Please set down exactly the lines of the listing below from the line containing "move=> site_rot E_rot" through the line containing "angles_bounded eta (lat_rot", both lines included, leaving out all other lines.

Segment Start: Dataset entries

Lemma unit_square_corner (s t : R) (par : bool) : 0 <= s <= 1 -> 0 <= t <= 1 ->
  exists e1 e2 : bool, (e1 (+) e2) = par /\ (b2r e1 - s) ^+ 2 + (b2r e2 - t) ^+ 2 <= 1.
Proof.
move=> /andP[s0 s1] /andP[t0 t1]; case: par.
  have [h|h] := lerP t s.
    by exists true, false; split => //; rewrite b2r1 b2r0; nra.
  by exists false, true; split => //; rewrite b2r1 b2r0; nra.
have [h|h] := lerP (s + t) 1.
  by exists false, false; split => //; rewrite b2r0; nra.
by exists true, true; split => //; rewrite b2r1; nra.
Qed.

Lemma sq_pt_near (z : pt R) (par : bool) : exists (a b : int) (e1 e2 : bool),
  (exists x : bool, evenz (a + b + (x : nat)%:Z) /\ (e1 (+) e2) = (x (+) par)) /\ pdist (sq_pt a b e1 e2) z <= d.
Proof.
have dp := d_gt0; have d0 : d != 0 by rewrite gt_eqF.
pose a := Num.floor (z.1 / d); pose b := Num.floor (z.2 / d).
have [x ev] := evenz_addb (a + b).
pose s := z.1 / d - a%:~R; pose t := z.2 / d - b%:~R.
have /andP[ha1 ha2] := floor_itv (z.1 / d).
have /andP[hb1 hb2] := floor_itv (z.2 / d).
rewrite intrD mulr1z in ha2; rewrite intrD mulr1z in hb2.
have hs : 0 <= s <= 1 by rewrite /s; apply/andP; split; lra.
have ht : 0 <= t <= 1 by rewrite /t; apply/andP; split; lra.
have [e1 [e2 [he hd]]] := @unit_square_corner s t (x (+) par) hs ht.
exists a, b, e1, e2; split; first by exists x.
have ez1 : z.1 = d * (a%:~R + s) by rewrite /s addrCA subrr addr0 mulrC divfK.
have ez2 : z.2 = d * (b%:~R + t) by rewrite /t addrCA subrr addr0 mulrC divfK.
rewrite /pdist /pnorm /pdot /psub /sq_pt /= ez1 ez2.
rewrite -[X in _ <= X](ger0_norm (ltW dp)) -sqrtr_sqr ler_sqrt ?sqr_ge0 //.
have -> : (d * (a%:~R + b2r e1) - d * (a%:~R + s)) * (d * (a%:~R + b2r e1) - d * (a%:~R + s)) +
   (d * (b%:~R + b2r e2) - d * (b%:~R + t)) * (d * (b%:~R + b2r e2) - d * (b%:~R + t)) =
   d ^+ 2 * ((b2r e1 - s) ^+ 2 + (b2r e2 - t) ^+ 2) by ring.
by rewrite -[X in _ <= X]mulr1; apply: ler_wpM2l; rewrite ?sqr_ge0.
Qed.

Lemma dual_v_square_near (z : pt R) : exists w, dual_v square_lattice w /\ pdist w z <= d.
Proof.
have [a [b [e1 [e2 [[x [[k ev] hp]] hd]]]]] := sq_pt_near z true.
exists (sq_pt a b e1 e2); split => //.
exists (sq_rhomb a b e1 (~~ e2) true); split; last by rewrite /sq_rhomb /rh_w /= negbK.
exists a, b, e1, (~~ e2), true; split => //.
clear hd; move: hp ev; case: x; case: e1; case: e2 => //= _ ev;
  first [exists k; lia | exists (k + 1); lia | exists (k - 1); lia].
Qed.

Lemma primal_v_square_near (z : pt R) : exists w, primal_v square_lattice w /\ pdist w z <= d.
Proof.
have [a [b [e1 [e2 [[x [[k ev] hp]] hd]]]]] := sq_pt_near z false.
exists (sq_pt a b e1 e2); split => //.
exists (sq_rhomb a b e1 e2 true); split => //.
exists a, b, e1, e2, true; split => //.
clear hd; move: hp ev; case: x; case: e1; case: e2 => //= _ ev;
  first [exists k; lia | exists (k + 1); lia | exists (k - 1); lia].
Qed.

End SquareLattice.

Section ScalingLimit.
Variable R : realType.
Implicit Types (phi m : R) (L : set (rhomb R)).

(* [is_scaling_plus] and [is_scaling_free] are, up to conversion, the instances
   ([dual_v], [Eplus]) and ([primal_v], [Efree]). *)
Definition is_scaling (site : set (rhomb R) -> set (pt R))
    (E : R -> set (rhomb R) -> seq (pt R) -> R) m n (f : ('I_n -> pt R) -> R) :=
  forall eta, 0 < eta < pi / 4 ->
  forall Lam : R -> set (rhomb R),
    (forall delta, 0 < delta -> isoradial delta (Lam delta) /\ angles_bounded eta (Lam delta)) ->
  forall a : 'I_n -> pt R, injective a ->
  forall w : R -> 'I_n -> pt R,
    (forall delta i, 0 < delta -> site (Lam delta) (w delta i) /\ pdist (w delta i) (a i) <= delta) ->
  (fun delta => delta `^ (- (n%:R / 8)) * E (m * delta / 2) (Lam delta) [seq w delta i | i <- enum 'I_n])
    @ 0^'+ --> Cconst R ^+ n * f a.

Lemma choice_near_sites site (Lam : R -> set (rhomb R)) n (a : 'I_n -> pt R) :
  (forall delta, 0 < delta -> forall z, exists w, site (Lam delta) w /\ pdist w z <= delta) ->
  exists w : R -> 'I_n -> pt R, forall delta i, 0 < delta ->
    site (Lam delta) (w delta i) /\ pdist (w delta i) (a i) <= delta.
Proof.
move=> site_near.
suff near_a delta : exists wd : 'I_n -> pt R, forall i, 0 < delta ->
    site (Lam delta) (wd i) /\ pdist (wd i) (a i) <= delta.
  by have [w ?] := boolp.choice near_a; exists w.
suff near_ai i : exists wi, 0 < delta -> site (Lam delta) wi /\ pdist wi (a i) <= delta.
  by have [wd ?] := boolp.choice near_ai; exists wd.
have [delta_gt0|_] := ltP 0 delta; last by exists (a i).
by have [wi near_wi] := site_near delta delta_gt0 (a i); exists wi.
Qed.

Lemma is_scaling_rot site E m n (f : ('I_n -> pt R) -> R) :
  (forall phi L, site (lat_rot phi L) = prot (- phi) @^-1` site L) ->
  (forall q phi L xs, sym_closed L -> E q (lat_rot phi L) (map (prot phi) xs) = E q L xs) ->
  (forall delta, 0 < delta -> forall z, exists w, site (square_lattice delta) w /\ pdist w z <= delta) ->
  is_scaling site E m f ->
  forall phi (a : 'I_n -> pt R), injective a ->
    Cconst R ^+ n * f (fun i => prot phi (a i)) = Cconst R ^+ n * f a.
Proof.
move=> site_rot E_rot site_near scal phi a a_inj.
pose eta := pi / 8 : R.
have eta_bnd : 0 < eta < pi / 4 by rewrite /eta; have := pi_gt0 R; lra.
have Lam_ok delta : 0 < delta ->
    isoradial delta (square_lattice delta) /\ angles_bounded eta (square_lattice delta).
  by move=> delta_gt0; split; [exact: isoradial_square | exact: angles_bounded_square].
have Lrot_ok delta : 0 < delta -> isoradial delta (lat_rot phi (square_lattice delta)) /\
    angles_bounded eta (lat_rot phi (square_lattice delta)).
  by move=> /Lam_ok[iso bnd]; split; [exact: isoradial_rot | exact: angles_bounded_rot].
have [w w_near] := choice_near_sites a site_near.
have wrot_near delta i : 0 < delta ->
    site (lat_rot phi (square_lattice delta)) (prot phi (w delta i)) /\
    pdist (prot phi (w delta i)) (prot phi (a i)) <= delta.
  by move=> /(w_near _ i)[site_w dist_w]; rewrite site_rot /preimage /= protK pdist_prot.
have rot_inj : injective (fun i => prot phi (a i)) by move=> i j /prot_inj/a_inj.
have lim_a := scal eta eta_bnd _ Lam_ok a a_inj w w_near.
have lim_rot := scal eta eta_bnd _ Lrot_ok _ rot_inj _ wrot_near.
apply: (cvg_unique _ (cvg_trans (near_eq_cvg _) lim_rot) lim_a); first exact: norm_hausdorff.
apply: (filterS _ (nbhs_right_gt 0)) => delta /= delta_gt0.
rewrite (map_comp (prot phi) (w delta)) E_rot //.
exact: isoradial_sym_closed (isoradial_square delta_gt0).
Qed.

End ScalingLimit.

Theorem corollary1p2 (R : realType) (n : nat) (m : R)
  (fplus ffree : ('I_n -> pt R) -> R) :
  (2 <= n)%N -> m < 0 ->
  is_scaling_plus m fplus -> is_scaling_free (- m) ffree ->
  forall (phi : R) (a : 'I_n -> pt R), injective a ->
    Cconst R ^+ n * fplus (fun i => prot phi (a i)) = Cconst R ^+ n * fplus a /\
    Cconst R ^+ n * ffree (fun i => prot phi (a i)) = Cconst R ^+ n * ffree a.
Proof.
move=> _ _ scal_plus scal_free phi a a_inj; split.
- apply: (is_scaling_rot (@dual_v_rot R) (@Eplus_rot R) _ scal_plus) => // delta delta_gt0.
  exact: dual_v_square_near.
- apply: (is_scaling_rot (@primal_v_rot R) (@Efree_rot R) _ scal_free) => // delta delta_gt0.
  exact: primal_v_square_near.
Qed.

Segment End: Dataset entries

Output:
move=> site_rot E_rot site_near scal phi a a_inj.
pose eta := pi / 8 : R.
have eta_bnd : 0 < eta < pi / 4 by rewrite /eta; have := pi_gt0 R; lra.
have Lam_ok delta : 0 < delta ->
    isoradial delta (square_lattice delta) /\ angles_bounded eta (square_lattice delta).
  by move=> delta_gt0; split; [exact: isoradial_square | exact: angles_bounded_square].
have Lrot_ok delta : 0 < delta -> isoradial delta (lat_rot phi (square_lattice delta)) /\
    angles_bounded eta (lat_rot phi (square_lattice delta)).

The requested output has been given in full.